## Assignment
From the top of the entries below through the line containing "x *m M) 1%:M w.", return every line exactly as written, please, and stop there.
* * * * *
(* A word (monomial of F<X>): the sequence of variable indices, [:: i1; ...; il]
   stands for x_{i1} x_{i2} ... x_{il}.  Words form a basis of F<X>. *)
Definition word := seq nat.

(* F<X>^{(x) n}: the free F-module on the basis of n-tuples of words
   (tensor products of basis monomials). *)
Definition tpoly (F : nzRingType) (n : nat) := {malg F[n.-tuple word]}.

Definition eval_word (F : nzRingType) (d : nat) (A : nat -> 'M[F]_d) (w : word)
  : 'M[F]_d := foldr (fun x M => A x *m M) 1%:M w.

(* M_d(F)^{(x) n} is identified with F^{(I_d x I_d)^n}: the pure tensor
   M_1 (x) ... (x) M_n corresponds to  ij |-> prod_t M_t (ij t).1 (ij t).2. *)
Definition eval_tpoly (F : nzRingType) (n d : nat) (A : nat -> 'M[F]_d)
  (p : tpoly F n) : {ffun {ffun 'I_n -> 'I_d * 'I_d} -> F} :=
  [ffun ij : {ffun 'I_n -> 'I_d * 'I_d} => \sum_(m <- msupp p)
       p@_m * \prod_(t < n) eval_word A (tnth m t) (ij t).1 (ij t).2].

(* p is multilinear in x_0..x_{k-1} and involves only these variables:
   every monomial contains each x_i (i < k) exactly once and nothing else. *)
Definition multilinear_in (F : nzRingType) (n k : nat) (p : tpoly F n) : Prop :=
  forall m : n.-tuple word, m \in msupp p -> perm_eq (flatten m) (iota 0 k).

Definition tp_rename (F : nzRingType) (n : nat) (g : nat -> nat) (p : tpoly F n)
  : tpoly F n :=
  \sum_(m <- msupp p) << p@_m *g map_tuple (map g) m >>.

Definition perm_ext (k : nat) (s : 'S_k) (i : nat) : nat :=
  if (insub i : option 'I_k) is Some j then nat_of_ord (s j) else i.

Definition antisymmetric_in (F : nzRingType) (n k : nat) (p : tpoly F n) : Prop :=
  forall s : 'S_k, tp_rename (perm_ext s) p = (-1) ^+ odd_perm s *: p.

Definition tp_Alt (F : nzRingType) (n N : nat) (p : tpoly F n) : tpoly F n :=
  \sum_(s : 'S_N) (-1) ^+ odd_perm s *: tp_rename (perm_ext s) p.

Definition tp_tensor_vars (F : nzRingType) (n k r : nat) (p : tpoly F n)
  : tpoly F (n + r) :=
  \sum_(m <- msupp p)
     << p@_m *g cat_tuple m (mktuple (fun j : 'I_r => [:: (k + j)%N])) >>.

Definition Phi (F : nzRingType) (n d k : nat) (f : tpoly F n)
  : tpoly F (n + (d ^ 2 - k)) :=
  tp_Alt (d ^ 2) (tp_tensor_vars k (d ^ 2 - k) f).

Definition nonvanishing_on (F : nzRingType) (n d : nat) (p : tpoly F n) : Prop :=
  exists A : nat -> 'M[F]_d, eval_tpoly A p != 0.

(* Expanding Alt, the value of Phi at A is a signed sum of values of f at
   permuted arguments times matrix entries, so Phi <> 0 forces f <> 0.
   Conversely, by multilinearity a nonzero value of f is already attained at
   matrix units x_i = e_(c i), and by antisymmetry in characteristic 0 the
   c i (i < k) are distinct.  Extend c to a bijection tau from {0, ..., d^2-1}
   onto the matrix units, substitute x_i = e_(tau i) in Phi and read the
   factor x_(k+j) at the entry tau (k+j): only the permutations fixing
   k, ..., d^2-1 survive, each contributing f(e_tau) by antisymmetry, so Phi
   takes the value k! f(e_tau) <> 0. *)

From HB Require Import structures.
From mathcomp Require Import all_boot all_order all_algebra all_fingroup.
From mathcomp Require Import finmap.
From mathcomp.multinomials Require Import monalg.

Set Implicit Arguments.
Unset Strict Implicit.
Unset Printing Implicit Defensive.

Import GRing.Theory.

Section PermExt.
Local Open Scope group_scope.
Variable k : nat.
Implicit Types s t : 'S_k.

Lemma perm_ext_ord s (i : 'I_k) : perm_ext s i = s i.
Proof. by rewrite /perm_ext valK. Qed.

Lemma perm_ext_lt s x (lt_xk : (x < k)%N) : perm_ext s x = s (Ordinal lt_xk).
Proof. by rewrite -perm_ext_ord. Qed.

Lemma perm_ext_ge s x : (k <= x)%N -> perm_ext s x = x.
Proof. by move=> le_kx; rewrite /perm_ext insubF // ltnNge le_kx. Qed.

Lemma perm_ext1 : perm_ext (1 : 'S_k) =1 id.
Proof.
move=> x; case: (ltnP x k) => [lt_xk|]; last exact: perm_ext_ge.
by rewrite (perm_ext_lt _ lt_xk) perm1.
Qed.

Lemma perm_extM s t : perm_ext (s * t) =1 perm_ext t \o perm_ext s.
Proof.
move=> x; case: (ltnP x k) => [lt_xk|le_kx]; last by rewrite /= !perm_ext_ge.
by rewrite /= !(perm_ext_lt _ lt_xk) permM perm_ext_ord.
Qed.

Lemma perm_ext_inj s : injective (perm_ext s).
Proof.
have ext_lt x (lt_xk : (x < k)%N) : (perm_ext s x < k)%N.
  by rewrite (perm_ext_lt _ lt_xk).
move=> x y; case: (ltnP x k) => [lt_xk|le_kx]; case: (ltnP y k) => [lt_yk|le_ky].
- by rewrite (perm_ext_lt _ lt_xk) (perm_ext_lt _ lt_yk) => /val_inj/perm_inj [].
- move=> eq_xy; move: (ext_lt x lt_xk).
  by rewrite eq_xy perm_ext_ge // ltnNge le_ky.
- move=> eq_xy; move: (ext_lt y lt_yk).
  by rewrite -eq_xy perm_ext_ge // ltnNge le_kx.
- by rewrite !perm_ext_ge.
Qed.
* * * * *
## Written answer
(* A word (monomial of F<X>): the sequence of variable indices, [:: i1; ...; il]
   stands for x_{i1} x_{i2} ... x_{il}.  Words form a basis of F<X>. *)
Definition word := seq nat.

(* F<X>^{(x) n}: the free F-module on the basis of n-tuples of words
   (tensor products of basis monomials). *)
Definition tpoly (F : nzRingType) (n : nat) := {malg F[n.-tuple word]}.

Definition eval_word (F : nzRingType) (d : nat) (A : nat -> 'M[F]_d) (w : word)
  : 'M[F]_d := foldr (fun x M => A x *m M) 1%:M w.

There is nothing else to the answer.